§ Work instruction
Which lines in the listing below contain "ring"? Copy each of them.
........
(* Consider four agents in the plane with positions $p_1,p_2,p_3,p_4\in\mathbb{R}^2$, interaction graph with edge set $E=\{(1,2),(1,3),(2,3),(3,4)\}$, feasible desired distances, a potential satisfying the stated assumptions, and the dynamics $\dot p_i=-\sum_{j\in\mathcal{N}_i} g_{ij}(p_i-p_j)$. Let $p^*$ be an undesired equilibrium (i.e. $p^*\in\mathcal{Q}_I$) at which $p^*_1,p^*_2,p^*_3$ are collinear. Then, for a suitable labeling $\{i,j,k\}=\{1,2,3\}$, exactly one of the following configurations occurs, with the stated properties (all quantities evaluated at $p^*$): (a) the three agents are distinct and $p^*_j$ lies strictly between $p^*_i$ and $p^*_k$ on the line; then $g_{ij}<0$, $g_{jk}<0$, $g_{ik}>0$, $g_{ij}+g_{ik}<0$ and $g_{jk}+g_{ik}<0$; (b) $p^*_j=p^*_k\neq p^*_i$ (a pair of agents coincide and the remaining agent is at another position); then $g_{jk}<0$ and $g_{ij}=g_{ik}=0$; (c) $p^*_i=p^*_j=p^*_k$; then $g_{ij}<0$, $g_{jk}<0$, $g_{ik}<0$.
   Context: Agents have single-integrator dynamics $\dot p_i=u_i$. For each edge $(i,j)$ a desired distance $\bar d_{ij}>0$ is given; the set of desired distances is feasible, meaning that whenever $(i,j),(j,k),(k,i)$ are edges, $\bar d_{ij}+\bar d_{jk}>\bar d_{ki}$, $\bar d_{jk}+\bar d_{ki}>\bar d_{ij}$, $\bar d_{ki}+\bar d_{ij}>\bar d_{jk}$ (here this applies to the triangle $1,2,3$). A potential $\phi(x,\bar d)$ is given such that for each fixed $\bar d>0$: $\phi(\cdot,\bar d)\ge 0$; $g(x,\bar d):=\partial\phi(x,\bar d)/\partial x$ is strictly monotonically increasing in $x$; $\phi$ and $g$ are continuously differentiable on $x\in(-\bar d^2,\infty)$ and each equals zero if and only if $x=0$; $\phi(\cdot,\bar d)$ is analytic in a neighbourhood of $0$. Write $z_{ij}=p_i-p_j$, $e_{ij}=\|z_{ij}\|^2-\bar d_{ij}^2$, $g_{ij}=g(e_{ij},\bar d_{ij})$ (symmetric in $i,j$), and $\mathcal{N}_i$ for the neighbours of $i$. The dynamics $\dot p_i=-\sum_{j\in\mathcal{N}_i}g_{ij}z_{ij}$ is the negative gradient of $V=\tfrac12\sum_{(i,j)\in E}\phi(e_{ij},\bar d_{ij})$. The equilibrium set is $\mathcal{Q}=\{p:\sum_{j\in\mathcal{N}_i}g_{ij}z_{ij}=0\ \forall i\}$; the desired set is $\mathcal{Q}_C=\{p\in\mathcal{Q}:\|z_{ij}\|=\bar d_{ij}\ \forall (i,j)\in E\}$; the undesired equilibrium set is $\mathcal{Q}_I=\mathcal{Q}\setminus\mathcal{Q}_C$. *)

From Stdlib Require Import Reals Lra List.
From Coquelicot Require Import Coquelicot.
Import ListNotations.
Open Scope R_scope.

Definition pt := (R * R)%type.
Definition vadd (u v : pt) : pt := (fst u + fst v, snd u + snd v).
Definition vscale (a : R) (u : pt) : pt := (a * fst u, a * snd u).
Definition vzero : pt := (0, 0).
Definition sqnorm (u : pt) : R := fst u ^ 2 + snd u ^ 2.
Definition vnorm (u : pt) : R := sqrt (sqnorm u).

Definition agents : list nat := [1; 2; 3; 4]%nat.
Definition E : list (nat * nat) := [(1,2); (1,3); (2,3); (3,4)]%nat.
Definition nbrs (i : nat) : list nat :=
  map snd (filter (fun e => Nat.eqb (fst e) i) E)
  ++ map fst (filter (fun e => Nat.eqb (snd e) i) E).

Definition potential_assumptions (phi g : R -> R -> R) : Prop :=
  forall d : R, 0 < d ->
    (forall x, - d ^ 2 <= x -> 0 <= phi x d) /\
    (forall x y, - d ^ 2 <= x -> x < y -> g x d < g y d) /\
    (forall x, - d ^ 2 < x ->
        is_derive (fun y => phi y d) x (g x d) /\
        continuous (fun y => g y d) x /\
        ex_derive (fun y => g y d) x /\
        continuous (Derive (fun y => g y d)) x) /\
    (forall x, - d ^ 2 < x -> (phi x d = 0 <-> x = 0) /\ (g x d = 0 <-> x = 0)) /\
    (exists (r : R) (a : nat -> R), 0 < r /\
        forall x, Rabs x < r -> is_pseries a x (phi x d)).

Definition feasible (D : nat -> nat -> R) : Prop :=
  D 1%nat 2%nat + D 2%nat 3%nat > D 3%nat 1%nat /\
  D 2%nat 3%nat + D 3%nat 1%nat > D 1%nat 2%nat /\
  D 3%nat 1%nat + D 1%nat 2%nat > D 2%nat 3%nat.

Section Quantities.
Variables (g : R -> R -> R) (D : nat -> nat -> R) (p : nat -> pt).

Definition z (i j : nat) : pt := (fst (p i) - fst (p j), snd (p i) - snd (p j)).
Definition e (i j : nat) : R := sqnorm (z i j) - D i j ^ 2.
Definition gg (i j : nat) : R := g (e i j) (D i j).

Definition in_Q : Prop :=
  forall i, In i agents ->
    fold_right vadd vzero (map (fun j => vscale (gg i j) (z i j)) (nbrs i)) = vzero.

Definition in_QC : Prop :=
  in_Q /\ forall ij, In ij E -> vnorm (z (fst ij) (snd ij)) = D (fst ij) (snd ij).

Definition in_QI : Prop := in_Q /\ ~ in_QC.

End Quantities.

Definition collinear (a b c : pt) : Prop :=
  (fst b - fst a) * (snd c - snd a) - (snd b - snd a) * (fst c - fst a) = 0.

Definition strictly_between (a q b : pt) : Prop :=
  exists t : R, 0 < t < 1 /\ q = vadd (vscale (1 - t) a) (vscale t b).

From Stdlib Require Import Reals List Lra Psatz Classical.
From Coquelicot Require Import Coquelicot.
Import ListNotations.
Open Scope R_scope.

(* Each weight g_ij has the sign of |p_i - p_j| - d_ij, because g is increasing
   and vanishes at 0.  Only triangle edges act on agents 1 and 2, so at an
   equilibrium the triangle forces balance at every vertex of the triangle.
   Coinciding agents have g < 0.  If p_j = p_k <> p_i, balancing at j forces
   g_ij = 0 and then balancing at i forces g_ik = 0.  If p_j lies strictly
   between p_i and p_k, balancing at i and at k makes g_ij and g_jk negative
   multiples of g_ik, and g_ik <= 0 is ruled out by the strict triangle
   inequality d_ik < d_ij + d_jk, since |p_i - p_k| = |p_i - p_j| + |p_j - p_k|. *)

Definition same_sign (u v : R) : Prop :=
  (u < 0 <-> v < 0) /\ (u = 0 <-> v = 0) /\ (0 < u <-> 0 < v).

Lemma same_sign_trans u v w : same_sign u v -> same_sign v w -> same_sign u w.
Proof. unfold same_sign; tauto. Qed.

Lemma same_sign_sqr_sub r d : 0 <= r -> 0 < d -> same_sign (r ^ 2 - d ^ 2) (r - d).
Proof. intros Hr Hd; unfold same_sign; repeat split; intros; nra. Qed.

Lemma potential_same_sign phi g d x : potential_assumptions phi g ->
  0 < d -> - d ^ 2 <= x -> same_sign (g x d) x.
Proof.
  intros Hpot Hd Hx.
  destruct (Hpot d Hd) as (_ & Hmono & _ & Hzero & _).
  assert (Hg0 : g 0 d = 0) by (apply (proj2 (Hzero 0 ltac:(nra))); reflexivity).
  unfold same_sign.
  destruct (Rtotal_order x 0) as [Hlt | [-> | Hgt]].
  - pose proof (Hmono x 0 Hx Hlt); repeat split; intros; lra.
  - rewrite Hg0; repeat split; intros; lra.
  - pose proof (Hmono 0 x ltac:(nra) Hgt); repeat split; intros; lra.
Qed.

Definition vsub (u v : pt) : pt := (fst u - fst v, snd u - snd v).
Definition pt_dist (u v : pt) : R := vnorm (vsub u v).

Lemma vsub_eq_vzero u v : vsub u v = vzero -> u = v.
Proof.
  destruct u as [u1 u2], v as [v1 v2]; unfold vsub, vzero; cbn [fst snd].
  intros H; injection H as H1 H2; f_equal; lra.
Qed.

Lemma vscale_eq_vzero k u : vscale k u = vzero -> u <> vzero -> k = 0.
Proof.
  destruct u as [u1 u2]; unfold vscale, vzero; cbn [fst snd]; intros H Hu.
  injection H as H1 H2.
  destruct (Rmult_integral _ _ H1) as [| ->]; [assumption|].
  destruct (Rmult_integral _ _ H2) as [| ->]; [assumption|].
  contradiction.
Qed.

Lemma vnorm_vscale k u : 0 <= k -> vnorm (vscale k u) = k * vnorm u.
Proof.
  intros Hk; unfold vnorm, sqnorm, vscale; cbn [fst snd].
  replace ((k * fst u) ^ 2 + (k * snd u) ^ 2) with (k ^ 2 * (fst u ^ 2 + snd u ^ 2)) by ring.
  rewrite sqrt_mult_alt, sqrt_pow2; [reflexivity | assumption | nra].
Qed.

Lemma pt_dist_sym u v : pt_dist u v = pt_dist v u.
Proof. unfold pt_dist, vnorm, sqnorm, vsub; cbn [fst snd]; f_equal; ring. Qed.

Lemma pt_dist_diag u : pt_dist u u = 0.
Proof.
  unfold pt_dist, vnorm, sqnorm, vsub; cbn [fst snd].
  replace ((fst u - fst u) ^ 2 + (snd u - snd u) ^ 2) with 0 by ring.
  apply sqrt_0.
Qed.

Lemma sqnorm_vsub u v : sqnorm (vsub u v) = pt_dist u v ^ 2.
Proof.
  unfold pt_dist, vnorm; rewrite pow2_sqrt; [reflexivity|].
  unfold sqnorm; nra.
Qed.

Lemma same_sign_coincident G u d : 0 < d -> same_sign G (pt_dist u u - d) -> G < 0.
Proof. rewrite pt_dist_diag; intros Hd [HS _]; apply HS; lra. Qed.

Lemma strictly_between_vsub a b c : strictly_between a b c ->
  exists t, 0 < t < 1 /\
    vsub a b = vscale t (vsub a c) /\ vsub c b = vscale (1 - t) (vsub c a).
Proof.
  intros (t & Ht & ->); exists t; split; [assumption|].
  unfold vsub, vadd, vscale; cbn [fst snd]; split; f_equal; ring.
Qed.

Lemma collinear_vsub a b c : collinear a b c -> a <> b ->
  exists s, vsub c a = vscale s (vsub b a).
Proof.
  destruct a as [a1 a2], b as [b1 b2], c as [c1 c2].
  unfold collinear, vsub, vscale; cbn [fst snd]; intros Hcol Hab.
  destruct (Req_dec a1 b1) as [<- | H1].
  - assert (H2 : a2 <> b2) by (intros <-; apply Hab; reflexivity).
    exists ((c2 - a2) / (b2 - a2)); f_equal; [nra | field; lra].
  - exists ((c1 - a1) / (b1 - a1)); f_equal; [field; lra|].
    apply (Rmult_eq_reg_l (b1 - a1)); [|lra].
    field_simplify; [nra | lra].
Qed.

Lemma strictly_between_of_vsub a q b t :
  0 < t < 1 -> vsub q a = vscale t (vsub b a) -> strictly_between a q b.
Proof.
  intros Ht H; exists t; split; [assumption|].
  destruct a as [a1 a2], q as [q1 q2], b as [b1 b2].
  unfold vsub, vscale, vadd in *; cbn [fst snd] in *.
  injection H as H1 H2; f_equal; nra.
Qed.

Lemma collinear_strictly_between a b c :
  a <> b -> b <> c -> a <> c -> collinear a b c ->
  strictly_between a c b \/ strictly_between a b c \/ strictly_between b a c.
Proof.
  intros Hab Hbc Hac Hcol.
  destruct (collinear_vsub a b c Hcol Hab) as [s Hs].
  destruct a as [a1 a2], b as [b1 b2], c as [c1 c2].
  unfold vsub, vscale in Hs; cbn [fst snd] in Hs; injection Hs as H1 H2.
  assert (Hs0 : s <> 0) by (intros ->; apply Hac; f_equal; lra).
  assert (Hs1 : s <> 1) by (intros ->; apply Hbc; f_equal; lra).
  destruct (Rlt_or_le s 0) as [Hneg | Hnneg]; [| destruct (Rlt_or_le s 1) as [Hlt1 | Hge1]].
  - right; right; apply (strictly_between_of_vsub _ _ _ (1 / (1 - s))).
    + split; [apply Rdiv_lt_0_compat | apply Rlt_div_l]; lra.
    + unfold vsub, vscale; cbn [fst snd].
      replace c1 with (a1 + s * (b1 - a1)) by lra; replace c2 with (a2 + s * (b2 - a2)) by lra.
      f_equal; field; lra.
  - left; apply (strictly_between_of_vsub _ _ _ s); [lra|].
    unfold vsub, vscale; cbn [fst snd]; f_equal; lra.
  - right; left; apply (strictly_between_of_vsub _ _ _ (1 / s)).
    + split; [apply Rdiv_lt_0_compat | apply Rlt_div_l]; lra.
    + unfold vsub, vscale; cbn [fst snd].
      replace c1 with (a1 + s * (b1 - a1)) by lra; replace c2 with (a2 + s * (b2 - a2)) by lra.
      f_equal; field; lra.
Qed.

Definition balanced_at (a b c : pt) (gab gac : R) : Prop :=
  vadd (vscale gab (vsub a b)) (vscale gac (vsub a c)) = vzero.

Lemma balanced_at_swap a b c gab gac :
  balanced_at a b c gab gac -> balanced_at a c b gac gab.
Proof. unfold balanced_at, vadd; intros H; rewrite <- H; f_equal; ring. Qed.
........
§ Answer below
  replace ((k * fst u) ^ 2 + (k * snd u) ^ 2) with (k ^ 2 * (fst u ^ 2 + snd u ^ 2)) by ring.
Proof. unfold pt_dist, vnorm, sqnorm, vsub; cbn [fst snd]; f_equal; ring. Qed.
  replace ((fst u - fst u) ^ 2 + (snd u - snd u) ^ 2) with 0 by ring.
  unfold vsub, vadd, vscale; cbn [fst snd]; split; f_equal; ring.
Proof. unfold balanced_at, vadd; intros H; rewrite <- H; f_equal; ring. Qed.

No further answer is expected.